═══ ENTRIES PROVIDED

(* Let $G$ be a finite simple graph, $r\geqslant 1$, let $\mathcal{C}$ be a minimal $r$-system of chorded cycles in $G$, and let $C\in\mathcal{C}$. Suppose $u$ is a vertex of $G$ not lying on any cycle of $\mathcal{C}$ with $d_C(u)\geqslant 3$. Then one of the following holds: (1) $|V(C)|=4$ and $d_C(u)\in\{3,4\}$; (2) $|V(C)|=5$, $d_C(u)=3$, and two of the vertices of $N_C(u)$ are both at distance $2$ on $C$ from the third vertex of $N_C(u)$; (3) $|V(C)|=6$, $d_C(u)=3$, and for every vertex $v$ not lying on any cycle of $\mathcal{C}$, the subgraph of $G$ induced by $V(C)\cup\{v\}$ is triangle-free.
   Context: A chorded cycle is a cycle together with an edge of the graph, not on the cycle, joining two vertices of the cycle. A minimal $r$-system of chorded cycles in $G$ is a collection of $r$ pairwise vertex-disjoint chorded cycles of $G$ whose total number of vertices is as small as possible among all such collections. $N_C(u)=N_G(u)\cap V(C)$ and $d_C(u)=|N_C(u)|$; distance on $C$ means distance in the cycle $C$ itself. *)

From mathcomp Require Import all_boot.
Set Implicit Arguments. Unset Strict Implicit. Unset Printing Implicit Defensive.

Section Graphs.
Variable T : finType.
Variable adj : rel T.

Definition simple_graph : Prop := symmetric adj /\ irreflexive adj.

Definition is_cycle (c : seq T) : Prop :=
  2 < size c /\ uniq c /\ path.cycle adj c.

Definition cycle_edge (c : seq T) (x y : T) : bool :=
  (y == next c x) || (x == next c y).

Definition chorded_cycle (c : seq T) : Prop :=
  is_cycle c /\ exists x y, [/\ x \in c, y \in c, adj x y & ~~ cycle_edge c x y].

Definition r_system (r : nat) (S : seq (seq T)) : Prop :=
  [/\ size S = r, (forall c, c \in S -> chorded_cycle c)
    & pairwise (fun c d : seq T => [disjoint c & d]) S].

Definition total_vertices (S : seq (seq T)) : nat := sumn (map size S).

Definition minimal_r_system (r : nat) (S : seq (seq T)) : Prop :=
  r_system r S /\
  forall S', r_system r S' -> total_vertices S <= total_vertices S'.

Definition nbhd_on (c : seq T) (u : T) : {set T} := [set x in c | adj u x].
Definition deg_on (c : seq T) (u : T) : nat := #|nbhd_on c u|.

Definition cycle_dist (c : seq T) (x y : T) : nat :=
  let i := index x c in let j := index y c in
  let d := if i <= j then j - i else i - j in
  minn d (size c - d).
Lemma kappa_band_elt_lt0 (c : int) : k%:Z - t%:Z < c <= k%:Z -> kappa (band_elt k x y c) < 0.
Proof.
move=> ct; have /(wordlen_band_elt x_le_k y_le_k) L : 0 < c <= k%:Z by lia.
rewrite kappa_Heis_lt0 ?conj_len_sum_band_elt; last by lia.
have /(wordlen_band_elt_above x_le_k y_le_k) Lx : k%:Z < c + x%:Z <= 2 * k%:Z by lia.
have /(wordlen_band_elt_above x_le_k y_le_k) Ly : k%:Z < c + y%:Z <= 2 * k%:Z by lia.
have /(wordlen_band_elt x_le_k y_le_k) L_x : 0 < c - x%:Z <= k%:Z by lia.
have /(wordlen_band_elt x_le_k y_le_k) L_y : 0 < c - y%:Z <= k%:Z by lia.
lia.
Qed.

Lemma kappa_band_elt_eq0 (c : int) : 2 * t%:Z < c <= 3 * t%:Z -> kappa (band_elt k x y c) = 0.
Proof.
move=> ct; have /(wordlen_band_elt x_le_k y_le_k) L : 0 < c <= k%:Z by lia.
apply/eqP; rewrite kappa_Heis_eq0 ?conj_len_sum_band_elt; last by lia.
have /(wordlen_band_elt x_le_k y_le_k) Lx : 0 < c + x%:Z <= k%:Z by lia.
have /(wordlen_band_elt x_le_k y_le_k) Ly : 0 < c + y%:Z <= k%:Z by lia.
have /(wordlen_band_elt x_le_k y_le_k) L_x : 0 < c - x%:Z <= k%:Z by lia.
have /(wordlen_band_elt x_le_k y_le_k) L_y : 0 < c - y%:Z <= k%:Z by lia.
lia.
Qed.

End Regions.

Lemma band_elt_inj (k k' x x' y y' : nat) (c c' : int) :
  0 < c <= k%:Z -> 0 < c' <= k'%:Z -> band_elt k x y c = band_elt k' x' y' c' ->
  [/\ k = k', x = x', y = y' & c = c'].
Proof.
move=> ck ck' [-> -> zz']; suff kk' : k = k' by split=> //; move: zz'; rewrite kk'; lia.
have [kk'|kk'|//] := ltngtP k k'.
- have : 0 <= (k'%:Z - k%:Z - 1) * (k'%:Z + k%:Z) by apply: mulr_ge0; lia.
  lia.
- have : 0 <= (k%:Z - k'%:Z - 1) * (k%:Z + k'%:Z) by apply: mulr_ge0; lia.
  lia.
Qed.

Definition region_indices (t : nat) : seq (nat * nat * nat * nat) :=
  [seq (kxy, j) | kxy <- [seq (kx, y) | kx <- [seq (k, x) | k <- iota (5 * t) (5 * t),
                                                            x <- iota t t],
                                        y <- iota t t],
                  j <- iota 1 t].

Lemma region_indices_uniq t : uniq (region_indices t).
Proof.
by do 3 (apply: allpairs_uniq; rewrite ?iota_uniq //; last by move=> [? ?] [? ?] _ _ [-> ->]).
Qed.
Lemma grid_le i j : (i <= j)%N -> grid i <= grid j.
Proof. by move=> ij; rewrite ler_wpM2r ?invr_ge0 ?ler0n ?ler_nat. Qed.

Lemma grid0 : grid 0 = 0. Proof. by rewrite /grid mul0r. Qed.

Lemma gridn : grid n = 1. Proof. by rewrite /grid divff // pnatr_eq0 -lt0n. Qed.

Lemma gridS i : grid i.+1 - grid i = n%:R^-1.
Proof. by rewrite /grid -mulrBl -natrB // subSnn mul1r. Qed.

Lemma grid_ge0 i : 0 <= grid i.
Proof. by rewrite -grid0 grid_le. Qed.

Lemma grid_le1 i : (i <= n)%N -> grid i <= 1.
Proof. by move=> ni; rewrite -gridn grid_le. Qed.

Lemma grid_itv i : (i <= n)%N -> grid i \in `[0, 1].
Proof. by move=> ni; rewrite in_itv /= grid_ge0 grid_le1. Qed.

Lemma grid_locate x : x \in `[0, 1] -> exists2 j, (j < n)%N &
  [/\ grid j <= x, x <= grid j.+1 & forall i, (0 < i)%N -> (x <= grid i) = (j < i)%N].
Proof.
rewrite in_itv /= => /andP[x0 x1].
have [->|x_neq0] := eqVneq x 0.
  by exists 0%N => //; split; rewrite -?grid0 ?grid_le // => i i0; rewrite grid_le.
have x_gt0 : 0 < x by rewrite lt_neqAle eq_sym x_neq0.
have below m : x <= grid m -> exists2 j, (j < m)%N & grid j < x <= grid j.+1.
  elim: m => [|m IH] xm; first by move: x_gt0; rewrite ltNge -grid0 xm.
  have [/IH[j jm xj]|mx] := leP x (grid m); last by exists m => //; rewrite mx xm.
  by exists j => //; exact: ltnW.
have /below[j jn /andP[xj jx]] : x <= grid n by rewrite gridn.
exists j => //; split => //; first exact: ltW.
move=> i i0; case: (ltnP j i) => ji; first by rewrite (le_trans jx) // grid_le.
by apply/negbTE; rewrite -ltNge (le_lt_trans _ xj) // grid_le.
Qed.

End grid.

Section upper_step_function.
Context {R : realType} (f : R -> R) (n : nat).
Hypothesis f_nd : {in `[0, 1] &, nondecreasing_fun f}.
Hypothesis n_gt0 : (0 < n)%N.
Local Notation mu := (@lebesgue_measure R).
Local Notation I01 := (`[0%R, 1%R]%classic : set R).
Local Notation grid := (@grid R n).
Let mI01 : measurable (I01 : set (measurableTypeR R)) := measurable_itv _.
Local Notation M := (`|f 0| + `|f 1|).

══════

• EXERCISE AIM: Look through the material above and print exactly the lines from the one containing "From mathcomp Require Import all_boot." to the one containing "let i := index x c in let j := index y c in", both included, and nothing more.

• TASK RESULT:
From mathcomp Require Import all_boot.
Set Implicit Arguments. Unset Strict Implicit. Unset Printing Implicit Defensive.

Section Graphs.
Variable T : finType.
Variable adj : rel T.

Definition simple_graph : Prop := symmetric adj /\ irreflexive adj.

Definition is_cycle (c : seq T) : Prop :=
  2 < size c /\ uniq c /\ path.cycle adj c.

Definition cycle_edge (c : seq T) (x y : T) : bool :=
  (y == next c x) || (x == next c y).

Definition chorded_cycle (c : seq T) : Prop :=
  is_cycle c /\ exists x y, [/\ x \in c, y \in c, adj x y & ~~ cycle_edge c x y].

Definition r_system (r : nat) (S : seq (seq T)) : Prop :=
  [/\ size S = r, (forall c, c \in S -> chorded_cycle c)
    & pairwise (fun c d : seq T => [disjoint c & d]) S].

Definition total_vertices (S : seq (seq T)) : nat := sumn (map size S).

Definition minimal_r_system (r : nat) (S : seq (seq T)) : Prop :=
  r_system r S /\
  forall S', r_system r S' -> total_vertices S <= total_vertices S'.

Definition nbhd_on (c : seq T) (u : T) : {set T} := [set x in c | adj u x].
Definition deg_on (c : seq T) (u : T) : nat := #|nbhd_on c u|.

Definition cycle_dist (c : seq T) (x y : T) : nat :=
  let i := index x c in let j := index y c in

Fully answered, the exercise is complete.